> **Material for this task**:
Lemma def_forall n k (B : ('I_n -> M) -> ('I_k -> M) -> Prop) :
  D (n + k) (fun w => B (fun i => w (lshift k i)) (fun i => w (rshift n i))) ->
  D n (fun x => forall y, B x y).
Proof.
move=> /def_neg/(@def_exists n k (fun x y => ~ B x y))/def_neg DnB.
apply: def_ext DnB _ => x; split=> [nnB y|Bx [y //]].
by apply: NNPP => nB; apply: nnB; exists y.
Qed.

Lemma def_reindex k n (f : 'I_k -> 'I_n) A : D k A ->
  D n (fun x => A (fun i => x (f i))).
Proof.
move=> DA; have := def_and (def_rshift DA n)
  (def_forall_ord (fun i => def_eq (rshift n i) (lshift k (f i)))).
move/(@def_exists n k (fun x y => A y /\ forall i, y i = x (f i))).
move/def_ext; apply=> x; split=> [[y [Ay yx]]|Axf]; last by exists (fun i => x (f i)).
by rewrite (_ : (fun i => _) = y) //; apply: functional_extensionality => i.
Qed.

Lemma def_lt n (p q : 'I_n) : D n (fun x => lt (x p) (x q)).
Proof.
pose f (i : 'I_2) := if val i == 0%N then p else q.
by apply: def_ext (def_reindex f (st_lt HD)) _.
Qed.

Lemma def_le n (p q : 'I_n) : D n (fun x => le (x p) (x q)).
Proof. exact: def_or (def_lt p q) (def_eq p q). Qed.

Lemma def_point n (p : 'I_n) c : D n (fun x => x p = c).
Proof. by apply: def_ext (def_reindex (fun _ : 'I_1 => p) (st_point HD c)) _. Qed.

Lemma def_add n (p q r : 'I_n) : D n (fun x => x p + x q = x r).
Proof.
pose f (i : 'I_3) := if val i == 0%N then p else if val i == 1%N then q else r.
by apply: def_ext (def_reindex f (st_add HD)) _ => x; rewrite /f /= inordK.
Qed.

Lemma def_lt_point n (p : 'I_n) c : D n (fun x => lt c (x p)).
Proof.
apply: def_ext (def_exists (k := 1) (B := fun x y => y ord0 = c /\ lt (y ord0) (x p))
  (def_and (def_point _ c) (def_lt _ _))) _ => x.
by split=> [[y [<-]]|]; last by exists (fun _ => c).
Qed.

> **Task instructions**:
Write the records out again. Keep every line exactly as it is.

> **Solution for this problem**:
Lemma def_forall n k (B : ('I_n -> M) -> ('I_k -> M) -> Prop) :
  D (n + k) (fun w => B (fun i => w (lshift k i)) (fun i => w (rshift n i))) ->
  D n (fun x => forall y, B x y).
Proof.
move=> /def_neg/(@def_exists n k (fun x y => ~ B x y))/def_neg DnB.
apply: def_ext DnB _ => x; split=> [nnB y|Bx [y //]].
by apply: NNPP => nB; apply: nnB; exists y.
Qed.

Lemma def_reindex k n (f : 'I_k -> 'I_n) A : D k A ->
  D n (fun x => A (fun i => x (f i))).
Proof.
move=> DA; have := def_and (def_rshift DA n)
  (def_forall_ord (fun i => def_eq (rshift n i) (lshift k (f i)))).
move/(@def_exists n k (fun x y => A y /\ forall i, y i = x (f i))).
move/def_ext; apply=> x; split=> [[y [Ay yx]]|Axf]; last by exists (fun i => x (f i)).
by rewrite (_ : (fun i => _) = y) //; apply: functional_extensionality => i.
Qed.

Lemma def_lt n (p q : 'I_n) : D n (fun x => lt (x p) (x q)).
Proof.
pose f (i : 'I_2) := if val i == 0%N then p else q.
by apply: def_ext (def_reindex f (st_lt HD)) _.
Qed.

Lemma def_le n (p q : 'I_n) : D n (fun x => le (x p) (x q)).
Proof. exact: def_or (def_lt p q) (def_eq p q). Qed.

Lemma def_point n (p : 'I_n) c : D n (fun x => x p = c).
Proof. by apply: def_ext (def_reindex (fun _ : 'I_1 => p) (st_point HD c)) _. Qed.

Lemma def_add n (p q r : 'I_n) : D n (fun x => x p + x q = x r).
Proof.
pose f (i : 'I_3) := if val i == 0%N then p else if val i == 1%N then q else r.
by apply: def_ext (def_reindex f (st_add HD)) _ => x; rewrite /f /= inordK.
Qed.

Lemma def_lt_point n (p : 'I_n) c : D n (fun x => lt c (x p)).
Proof.
apply: def_ext (def_exists (k := 1) (B := fun x y => y ord0 = c /\ lt (y ord0) (x p))
  (def_and (def_point _ c) (def_lt _ _))) _ => x.
by split=> [[y [<-]]|]; last by exists (fun _ => c).
Qed.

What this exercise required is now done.